Abdullah Toukan, Senior Associate at the Center for Strategic & International Studies, Washington, is the main researcher and author.
Listed off to the side is Anthony H. Cordesman, one of the directors of the think-tank, without reference to his role in the study.
Abdullah Toukan is a Jordanian-American who has lived in Cape Cod, Massachusetts for many years. He is a member of the of the Hashemite royal family of Jordan. Toukan was the brother-in-law of the late Jordanian king Hussein and brother of queen Alia, who was killed in a helicopter accident, which many believed was deliberately engineered by Jordanian intelligence circles who opposed her undue influence as a Palestinian on the throne.
In recent years, Toukan has drawn away from his royal connections in Amman and visits Jordan only rarely.

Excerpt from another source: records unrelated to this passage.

Theorem schwarz {g u v p} :
  (forall q, derivable g q u) -> (forall q, derivable g q v) ->
  (forall q, derivable ('D_u g) q v) -> (forall q, derivable ('D_v g) q u) ->
  {for p, continuous ('D_v ('D_u g))} -> {for p, continuous ('D_u ('D_v g))} ->
  'D_v ('D_u g) p = 'D_u ('D_v g) p.
Proof.
move=> du dv duv dvu cuv cvu.
apply: (eq_of_coincide_near cuv cvu) => eps eps_gt0.
have N_gt0 : 0 < `|u| + `|v| + 1 by rewrite ltr_wpDl ?addr_ge0.
pose h := eps / (`|u| + `|v| + 1).
have h_gt0 : 0 < h by rewrite divr_gt0.
have close t s : 0 < t < h -> 0 < s < h -> `|p - (p + t *: u + s *: v)| < eps.
  move=> /andP[t_gt0 t_lt] /andP[s_gt0 s_lt].
  rewrite -addrA opprD addNKr normrN (le_lt_trans (ler_normD _ _)) //.
  rewrite !normrZ !gtr0_norm // (@lt_le_trans _ _ (h * (`|u| + `|v| + 1))) //.
    have := ler_wpM2r (normr_ge0 u) (ltW t_lt).
    have := ler_wpM2r (normr_ge0 v) (ltW s_lt).
    rewrite !mulrDr mulr1; lra.
  by rewrite /h divfK ?gt_eqF.
have [t1 [s1 [t1_in s1_in E1]]] := second_difference_mvt p h_gt0 du duv.
have [t2 [s2 [t2_in s2_in E2]]] := second_difference_mvt p h_gt0 dv dvu.
exists (p + t1 *: u + s1 *: v), (p + t2 *: v + s2 *: u).
split; [exact: close | rewrite (addrAC p); exact: close |].
apply: (@mulfI _ (h ^+ 2)); first by rewrite expf_neq0 ?gt_eqF.
apply: etrans (esym E1) (etrans _ E2); rewrite (addrAC p (h *: v)).
by rewrite -!addrA [- _ + (- _ + _)]addrCA.
Qed.

End Schwarz.

(** * Vector fields with variable coefficients *)

Section VectorFields.
Context {R : realType} {m d : nat}.
Local Notation P := 'rV[R]_(m + d).
Local Notation e := (@ebase R m d).
Implicit Types (g u v : P -> R) (q : P).

Definition coord_derivable g := forall a q, derivable g q (e a).

Definition sym_hessian g q := forall a b, partial b (partial a g) q = partial a (partial b g) q.

Lemma partialD {u v a q} : derivable u q (e a) -> derivable v q (e a) ->
  partial a (fun x => u x + v x) q = partial a u q + partial a v q.
Proof. exact: deriveD. Qed.

Lemma partialB {u v a q} : derivable u q (e a) -> derivable v q (e a) ->
  partial a (fun x => u x - v x) q = partial a u q - partial a v q.
Proof. exact: deriveB. Qed.

Lemma partialM {u v a q} : derivable u q (e a) -> derivable v q (e a) ->
  partial a (fun x => u x * v x) q = u q * partial a v q + v q * partial a u q.
Proof. exact: deriveM. Qed.

Lemma partialZ (k : R) {u a q} : derivable u q (e a) ->
  partial a (fun x => k * u x) q = k * partial a u q.
Proof. by move=> du; exact: (deriveMl k du). Qed.

Lemma partial_sum {n} {u : 'I_n -> P -> R} {a q} : (forall i, derivable (u i) q (e a)) ->
  partial a (fun x => \sum_i u i x) q = \sum_i partial a (u i) q.
Proof.
move=> du; rewrite -derive_sum //; congr derive.
by apply/funext => x; rewrite fct_sumE.
Qed.

Lemma coord_derivableD {u v} : coord_derivable u -> coord_derivable v ->
  coord_derivable (fun x => u x + v x).
Proof. by move=> du dv a q; exact: derivableD. Qed.

Lemma coord_derivableM {u v} : coord_derivable u -> coord_derivable v ->
  coord_derivable (fun x => u x * v x).
Proof. by move=> du dv a q; exact: derivableM. Qed.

Toukan has never been known as an expert on Israeli or Iranian nuclear capabilities; nor particularly well versed on Israel's military. His previous work comes nowhere near matching the level of detail, accuracy, visual evidence, tables, maps and figures as the current study.

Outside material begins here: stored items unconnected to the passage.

(* In a Noetherian Priestley space every open up-set V is closed: a maximal
   clopen up-set inside V is all of V, because compactness and the Priestley
   axiom give each point of V a clopen up-neighbourhood inside V.  The space is
   therefore scattered: if M is a maximal open up-set omitting a point of S,
   then for each y in S outside M the open up-set M `|` [set w | ~ w <= y]
   omits y, so by maximality every point outside M lies below y; hence S meets
   the open set ~` M in exactly one point.
   For a Radon measure mu and a Borel set B, inner regularity shows that the
   union O of all open G with mu (G `&` B) = 0 satisfies mu (O `&` B) = 0.  If
   B has no atoms and B is not contained in O, an isolated point x of B `\` O
   has an open neighbourhood P with mu (P `&` B) <= mu (O `&` B) + mu [set x]
   = 0, so P is part of O, a contradiction.  Finally a finite measure has only
   countably many atoms F; splitting A into A `\` F and A `&` F gives mu as
   the sum of its point masses over F. *)

Lemma acc_maximal (T : Type) (Q : set (set T)) (P : set (set T)) :
    (forall U : nat -> set T, (forall n, Q (U n)) -> (forall n, U n `<=` U n.+1) ->
      exists N : nat, forall n, (N <= n)%N -> U n = U N) ->
    P `<=` Q -> P !=set0 ->
  exists2 M, P M & forall W, P W -> M `<=` W -> W = M.
Proof.
move=> acc PQ [M0 PM0]; apply: contrapT => nomax.
have grow M : exists W, P M -> [/\ P W, M `<=` W & W <> M].
  have [PM|] := pselect (P M); last by exists M.
  have [[W ?]|noW] := pselect (exists W, [/\ P W, M `<=` W & W <> M]).
    by exists W.
  exfalso; apply: nomax; exists M => // W PW MW.
  by apply: contrapT => WM; apply: noW; exists W.
have [f fP] := choice grow.
pose U n := iter n f M0.
have PU n : P (U n) by elim: n => //= n IH; have [] := fP _ IH.
have UU n : U n `<=` U n.+1 by have [] := fP _ (PU n).
have [N UN] := acc U (fun n => PQ _ (PU n)) UU.
by have [_ _] := fP _ (PU N); apply; exact: (UN N.+1).
Qed.

Lemma open_measurable_borel (X : ptopologicalType) (A : set (borel X)) :
  @open X A -> measurable A.
Proof. exact: sub_sigma_algebra. Qed.

Lemma closed_measurable_borel (X : ptopologicalType) (A : set (borel X)) :
  @closed X A -> measurable A.
Proof.
move=> cA; rewrite -[A]setCK; apply: measurableC.
by apply: open_measurable_borel; exact: closed_openC.
Qed.

Section InnerRegularMeasure.
Context {R : realType} {X : ptopologicalType} {mu : {measure set (borel X) -> \bar R}}.
Hypothesis rad : radon_measure mu.

Lemma radon_bigcup_locally_null (B : set (borel X)) : measurable B ->
  mu (\bigcup_(G in [set G : set X | open G /\ mu (G `&` B) = 0%E]) G `&` B) = 0%E.
Proof.
move=> mB; set GG := [set G | _]; set O := \bigcup_(G in GG) G.
have mOB : measurable (O `&` B : set (borel X)).
  by apply: measurableI mB; apply: open_measurable_borel; apply: bigcup_open => G [].
suff : (mu (O `&` B) <= 0)%E by rewrite measure_le0 => /eqP.
rewrite (rad _ mOB).
apply: ge_ereal_sup => _ [K [mK + KOB] <-]; rewrite compact_cover.
move=> /(_ (set X) GG id (fun G GG_G => GG_G.1) (fun z Kz => (KOB z Kz).1)).
case=> D DGG covK.
have {}DGG G : [set` D] G -> GG G by move=> /DGG /set_mem.
apply: (@le_trans _ _ (\sum_(G \in [set` D]) mu (G `&` B))%E).
  apply: content_sub_fsum => // [G /DGG [oG _]|z Kz].
    by apply: measurableI mB; exact: open_measurable_borel.
  by have [G DG Gz] := covK z Kz; exists G => //; split => //; exact: (KOB z Kz).2.
by rewrite fsbig1 // => G /DGG [].
Qed.

End InnerRegularMeasure.

Section PriestleySpace.
Context {X : ptopologicalType} {le : X -> X -> Prop}.
Hypothesis pX : priestley_space le.

Lemma priestley_hausdorff : hausdorff_space X.
Proof.
have [[_ le_anti _] _ sep] := pX.
rewrite open_hausdorff => x y xy.
have [yx|nyx] := pselect (le y x).
  have nxy : ~ le x y by move=> xy'; move/eqP: xy; apply; exact: le_anti.
  have [U [[oU cU] _ Uy nUx]] := sep y x nxy.
  exists (~` U, U); first by split; apply/mem_set.
  by split => //=; [rewrite openC | rewrite setICl].
have [U [[oU cU] _ Ux nUy]] := sep x y nyx.
exists (U, ~` U); first by split; apply/mem_set.
by split => //=; [rewrite openC | rewrite setICr].
Qed.

Lemma priestley_measurable_set1 (x : borel X) : measurable [set x].
Proof.
apply: closed_measurable_borel; apply: accessible_closed_set1.
exact/hausdorff_accessible/priestley_hausdorff.
Qed.

Lemma open_not_le (y : X) : open [set w | ~ le w y].
Proof.
have [_ _ sep] := pX.
have -> : [set w | ~ le w y] =
    \bigcup_(U in [set U | [/\ clopen U, down_set le U & U y]]) ~` U.
  apply/seteqP; split => w /=.
    by move=> nwy; have [U [clU dU Uy nUw]] := sep y w nwy; exists U.
  by move=> [U [_ dU Uy] nUw] wy; apply: nUw; exact: dU wy.
by apply: bigcup_open => U [[_ cU] _ _]; rewrite openC.
Qed.

Lemma clopen_up_set_between {V : set X} {x : X} :
  open V -> up_set le V -> V x ->
  exists W, [/\ clopen W, up_set le W, W x & W `<=` V].
Proof.
move=> oV uV Vx; have [_ cX sep] := pX.
have : compact (~` V) by apply: subclosed_compact cX _ => //; rewrite closedC.
rewrite compact_cover => /(_ (set X) [set U | [/\ clopen U, down_set le U & ~ U x]] id).
case=> [U [[oU _] _ _] //|z nVz|D DU covD].
  have nxz : ~ le x z by move=> xz; apply: nVz; exact: uV xz.
  by have [U [clU dU Uz nUx]] := sep z x nxz; exists U.
have {}DU U : [set` D] U -> [/\ clopen U, down_set le U & ~ U x].
  by move=> /DU /set_mem.
exists (~` \bigcup_(U in [set` D]) U); split.
- split.
    by rewrite openC bigcup_fset; apply: closed_bigsetU => U /DU [[]].
  by rewrite closedC; apply: bigcup_open => U /DU [[]].
- move=> z w nDz zw [U DUU Uw]; apply: nDz; exists U => //.
  by have [_ dU _] := DU _ DUU; exact: dU zw.
- by move=> [U /DU [_ _ nUx]].
- by move=> z nDz; apply: contrapT => /covD.
Qed.

Section NoetherianPriestleySpace.
Hypothesis noe : noetherian_priestley le.

Lemma maximal_open_up_set {P : set (set X)} :
  (forall V, P V -> open V /\ up_set le V) -> P !=set0 ->
  exists2 M, P M & forall W, P W -> M `<=` W -> W = M.
Proof. exact: acc_maximal noe. Qed.

Lemma open_up_set_closed (V : set X) : open V -> up_set le V -> closed V.
Proof.
move=> oV uV.
pose P := [set W | [/\ clopen W, up_set le W & W `<=` V]].
have PV W : P W -> open W /\ up_set le W by move=> [[oW _] uW _].
have P0 : P set0 by split => //; exact: clopen0.
have [M [[oM cM] uM MV] Mmax] := maximal_open_up_set PV (ex_intro _ _ P0).
suff -> : V = M by [].
apply/seteqP; split => // x Vx.
have [W [clW uW Wx WV]] := clopen_up_set_between oV uV Vx.
suff <- : M `|` W = M by right.
apply: Mmax => //; split.
- exact: clopenU.
- by move=> z w [Mz|Wz] zw; [left; exact: uM zw|right; exact: uW zw].
- by move=> z [/MV|/WV].
Qed.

Just as surprising to Western and Middle East intelligence circles, DEBKA-Net-Weekly's Washington sources stress, is Anthony Cordesman's name on the study's masthead.
He was one of the Democrats picked by Barack Obama and his advisers to travel to Israel before the November 2008 US presidential elections and lean hard on the Olmert government to refrain from attacking Iran's nuclear sites. In addition to warning Israel that the consequences would be dire, one of Cordesman's most compelling arguments for his Israel interlocutors was that their air force lacks the military resources for such an operation.
A think-tank thesis used as a threat
All of a sudden, six months later, Cordesman reappears in a different guise, advancing the opposite contention.
DEBKA-Net-Weekly's Iranian sources report that reprints of the think tank's March study have been circulated to Iranian intelligence and Revolutionary Guards high-ups. Their close scrutiny of every photograph, chart and word has convinced Iran's leaders that the paper is Obama's roundabout way of hinting at the stick he is holding back for now.
It implies that while Washington prefers diplomacy with Tehran and cooperation in the use of Iranian soil for US supplies to Afghanistan, this is not the only track available to the US government for engaging Iran. If the gloves were to come off, Israeli has been demonstrated by the latest research to be fully capable of a comprehensive military assault that would cripple Iran's nuclear production.
By this circuitous vehicle, Obama is indicating that if Tehran failed to meet Washington halfway on the nuclear issue, it might be called on to pay a heavy price because the military option has never been taken off the table. This option need not be applied by America; Israel is determined to stifle Tehran's nuclear program by force if no other means avails, as its new prime minister Binyamin Netanyahu stated on the first day of his government's inception on April 1.
The view that the Obama administration has more than one ulterior card up its sleeve is gaining ground in Tehran these days, boosted by the latest disclosures about another affair involving Iran – the raid on its arms shipments in transit through Sudan to Hamas in the Gaza Strip.